■ **Problem statement**:
It is required that all of the data be written out exactly.

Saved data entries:

########

Lemma is_derive_powprim (p t : R) : 0 < t ->
  is_derive t 1 (powprim p) ((t - p) * t `^ s).
Proof.
move=> t0.
pose g y := y `^ (s + 2) / (s + 2) - p * y `^ (s + 1) / (s + 1).
apply: (@near_eq_is_derive _ _ _ g).
  near=> y; rewrite powprimE//; apply: ltW; near: y; exact: lt_nbhsr.
have -> : g = (s + 2)^-1 *: @powR R ^~ (s + 2) - (p / (s + 1)) *: @powR R ^~ (s + 1).
  by apply/funext => y; rewrite /g !fctE /= /GRing.scale /=; ring.
have := is_deriveB (is_deriveZ (s + 2)^-1 (is_derive1_powR (s + 2) t0))
  (is_deriveZ (p / (s + 1)) (is_derive1_powR (s + 1) t0)).
move/is_derive_eq; apply.
rewrite /GRing.scale /= !addrK (_ : s + 2 - 1 = s + 1); last by ring.
rewrite powRS ?ltW//; field.
by rewrite !gt_eqF ?addr_gt0.
Unshelve. all: by end_near. Qed.

Lemma continuous_powprim (p : R) : continuous (powprim p).
Proof.
have pow_cont r : 0 <= r -> continuous (fun t : R => `|t| `^ (s + r)).
  by move=> r0; apply: continuous_normr_powR; rewrite (lt_le_trans s_gt0) ?lerDl.
move=> x; apply: cvgB; apply: cvgM (cvg_cst _); last apply: cvgM (cvg_cst _) _.
  exact: pow_cont.
exact: pow_cont.
Qed.

End power_primitive.

Section convex_primitive.
Context {R : realType}.
Variables s A B : R.
Hypothesis s_gt0 : 0 < s.

Definition convprim (p t : R) := A * powprim s p t + B * powprim s (1 - p) (1 - t).

Lemma is_derive_convprim (p t : R) : 0 < t < 1 ->
  is_derive t 1 (convprim p) ((t - p) * (A * t `^ s + B * (1 - t) `^ s)).
Proof.
case/andP => t0 t1.
have d1 : is_derive t 1 (powprim s p) ((t - p) * t `^ s) by exact: is_derive_powprim.
have d2 : is_derive t 1 (powprim s (1 - p) \o (fun y => 1 - y))
    (((1 - t) - (1 - p)) * (1 - t) `^ s * -1).
  apply: is_derive1_comp; first by apply: is_derive_powprim; rewrite ?subr_gt0.
  rewrite -[X in is_derive _ _ X _]/(cst 1 - id).
  by apply: is_derive_eq; rewrite sub0r.
have := is_deriveD (is_deriveZ A d1) (is_deriveZ B d2).
by move/is_derive_eq; apply; rewrite /GRing.scale/=; ring.
Qed.

Lemma continuous_convprim (p : R) : continuous (convprim p).
Proof.
move=> t; apply: cvgD; apply: cvgM (cvg_cst _) _; first exact: continuous_powprim.
apply: (@cvg_comp _ _ _ (fun y => 1 - y) (powprim s (1 - p))).
  exact: cvgB (cvg_cst _) cvg_id.
exact: continuous_powprim.
Qed.

Lemma convprimE (p t : R) : 0 <= t <= 1 ->
  convprim p t = A * (t * t `^ (s + 1) / (s + 2) - p * t `^ (s + 1) / (s + 1))
    + B * ((1 - t) * (1 - t) `^ (s + 1) / (s + 2) - (1 - p) * (1 - t) `^ (s + 1) / (s + 1)).
Proof.
by case/andP => t0 t1; rewrite /convprim !powprimE ?subr_ge0// !powR_add2 ?subr_ge0.
Qed.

########

■ **Task output**:
Lemma is_derive_powprim (p t : R) : 0 < t ->
  is_derive t 1 (powprim p) ((t - p) * t `^ s).
Proof.
move=> t0.
pose g y := y `^ (s + 2) / (s + 2) - p * y `^ (s + 1) / (s + 1).
apply: (@near_eq_is_derive _ _ _ g).
  near=> y; rewrite powprimE//; apply: ltW; near: y; exact: lt_nbhsr.
have -> : g = (s + 2)^-1 *: @powR R ^~ (s + 2) - (p / (s + 1)) *: @powR R ^~ (s + 1).
  by apply/funext => y; rewrite /g !fctE /= /GRing.scale /=; ring.
have := is_deriveB (is_deriveZ (s + 2)^-1 (is_derive1_powR (s + 2) t0))
  (is_deriveZ (p / (s + 1)) (is_derive1_powR (s + 1) t0)).
move/is_derive_eq; apply.
rewrite /GRing.scale /= !addrK (_ : s + 2 - 1 = s + 1); last by ring.
rewrite powRS ?ltW//; field.
by rewrite !gt_eqF ?addr_gt0.
Unshelve. all: by end_near. Qed.

Lemma continuous_powprim (p : R) : continuous (powprim p).
Proof.
have pow_cont r : 0 <= r -> continuous (fun t : R => `|t| `^ (s + r)).
  by move=> r0; apply: continuous_normr_powR; rewrite (lt_le_trans s_gt0) ?lerDl.
move=> x; apply: cvgB; apply: cvgM (cvg_cst _); last apply: cvgM (cvg_cst _) _.
  exact: pow_cont.
exact: pow_cont.
Qed.

End power_primitive.

Section convex_primitive.
Context {R : realType}.
Variables s A B : R.
Hypothesis s_gt0 : 0 < s.

Definition convprim (p t : R) := A * powprim s p t + B * powprim s (1 - p) (1 - t).

Lemma is_derive_convprim (p t : R) : 0 < t < 1 ->
  is_derive t 1 (convprim p) ((t - p) * (A * t `^ s + B * (1 - t) `^ s)).
Proof.
case/andP => t0 t1.
have d1 : is_derive t 1 (powprim s p) ((t - p) * t `^ s) by exact: is_derive_powprim.
have d2 : is_derive t 1 (powprim s (1 - p) \o (fun y => 1 - y))
    (((1 - t) - (1 - p)) * (1 - t) `^ s * -1).
  apply: is_derive1_comp; first by apply: is_derive_powprim; rewrite ?subr_gt0.
  rewrite -[X in is_derive _ _ X _]/(cst 1 - id).
  by apply: is_derive_eq; rewrite sub0r.
have := is_deriveD (is_deriveZ A d1) (is_deriveZ B d2).
by move/is_derive_eq; apply; rewrite /GRing.scale/=; ring.
Qed.

Lemma continuous_convprim (p : R) : continuous (convprim p).
Proof.
move=> t; apply: cvgD; apply: cvgM (cvg_cst _) _; first exact: continuous_powprim.
apply: (@cvg_comp _ _ _ (fun y => 1 - y) (powprim s (1 - p))).
  exact: cvgB (cvg_cst _) cvg_id.
exact: continuous_powprim.
Qed.

Lemma convprimE (p t : R) : 0 <= t <= 1 ->
  convprim p t = A * (t * t `^ (s + 1) / (s + 2) - p * t `^ (s + 1) / (s + 1))
    + B * ((1 - t) * (1 - t) `^ (s + 1) / (s + 2) - (1 - p) * (1 - t) `^ (s + 1) / (s + 1)).
Proof.
by case/andP => t0 t1; rewrite /convprim !powprimE ?subr_ge0// !powR_add2 ?subr_ge0.
Qed.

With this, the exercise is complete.